TASK BRIEF
The expected output is the first line of the data below and every line after it, up to and including the line containing "zs : nat -> int;", each reproduced exactly.

Saved data entries:

(* Let $p$ be an odd prime, and let $L$ be a Lie sublattice of a saturable $\mathbb{Z}_p$-Lie lattice $S$. Then the isolator $\mathrm{iso}_S(L)$ is saturable and $|\mathrm{iso}_S(L):L|<\infty$; in particular, $L$ and $\mathrm{iso}_S(L)$ have the same dimension. Furthermore, if $L$ is a Lie ideal of $S$, then $\mathrm{iso}_S(L)$ is PF-embedded in $S$.
   Context: A $\mathbb{Z}_p$-Lie lattice is a Lie algebra over $\mathbb{Z}_p$ free of finite rank as a module (dimension = rank). The isolator of a Lie sublattice $L$ in $S$ is $\mathrm{iso}_S(L)=S\cap(\mathbb{Q}_p\otimes L)$ (inside $\mathbb{Q}_p\otimes S$). For an ideal $M$ of $S$, a potent filtration of $M$ in $S$ is a descending series $(M_i)_{i\in\mathbb{N}}$ of ideals of $S$ with $M_1=M$, $\bigcap M_i=0$, $[M_i,S]\subseteq M_{i+1}$, $[M_i,S,\ldots,S]\subseteq pM_{i+1}$ ($p-1$ copies of $S$, brackets left-normed); $M$ is PF-embedded if such exists; a Lie lattice is saturable iff it admits a potent filtration of itself. *)

From HB Require Import structures.
From mathcomp Require Import all_boot all_order all_algebra.
From mathcomp Require Import boolp.
Set Implicit Arguments.
Unset Strict Implicit.
Unset Printing Implicit Defensive.
Import Order.TTheory GRing.Theory Num.Theory.
Local Open Scope ring_scope.

(* The ring Z_p of p-adic integers, built as the inverse limit of Z/p^n Z:   *)
(* an element is a coherent sequence (x_n)_n of integers with                *)
(* 0 <= x_n < p^n (x_n = x_n mod p^n) and x_{n+1} = x_n mod p^n.             *)
Section Padic.
Variable p : nat.

Definition pw (n : nat) : int := (p ^ n)%N%:Z.

Record zp := ZP {
  zs : nat -> int;
  zs_coh : forall n, (zs n.+1 %% pw n)%Z = zs n;
  zs_red : forall n, (zs n %% pw n)%Z = zs n }.

HB.instance Definition _ := gen_eqMixin zp.
HB.instance Definition _ := gen_choiceMixin zp.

EXERCISE RESULT
(* Let $p$ be an odd prime, and let $L$ be a Lie sublattice of a saturable $\mathbb{Z}_p$-Lie lattice $S$. Then the isolator $\mathrm{iso}_S(L)$ is saturable and $|\mathrm{iso}_S(L):L|<\infty$; in particular, $L$ and $\mathrm{iso}_S(L)$ have the same dimension. Furthermore, if $L$ is a Lie ideal of $S$, then $\mathrm{iso}_S(L)$ is PF-embedded in $S$.
   Context: A $\mathbb{Z}_p$-Lie lattice is a Lie algebra over $\mathbb{Z}_p$ free of finite rank as a module (dimension = rank). The isolator of a Lie sublattice $L$ in $S$ is $\mathrm{iso}_S(L)=S\cap(\mathbb{Q}_p\otimes L)$ (inside $\mathbb{Q}_p\otimes S$). For an ideal $M$ of $S$, a potent filtration of $M$ in $S$ is a descending series $(M_i)_{i\in\mathbb{N}}$ of ideals of $S$ with $M_1=M$, $\bigcap M_i=0$, $[M_i,S]\subseteq M_{i+1}$, $[M_i,S,\ldots,S]\subseteq pM_{i+1}$ ($p-1$ copies of $S$, brackets left-normed); $M$ is PF-embedded if such exists; a Lie lattice is saturable iff it admits a potent filtration of itself. *)

From HB Require Import structures.
From mathcomp Require Import all_boot all_order all_algebra.
From mathcomp Require Import boolp.
Set Implicit Arguments.
Unset Strict Implicit.
Unset Printing Implicit Defensive.
Import Order.TTheory GRing.Theory Num.Theory.
Local Open Scope ring_scope.

(* The ring Z_p of p-adic integers, built as the inverse limit of Z/p^n Z:   *)
(* an element is a coherent sequence (x_n)_n of integers with                *)
(* 0 <= x_n < p^n (x_n = x_n mod p^n) and x_{n+1} = x_n mod p^n.             *)
Section Padic.
Variable p : nat.

Definition pw (n : nat) : int := (p ^ n)%N%:Z.

Record zp := ZP {
  zs : nat -> int;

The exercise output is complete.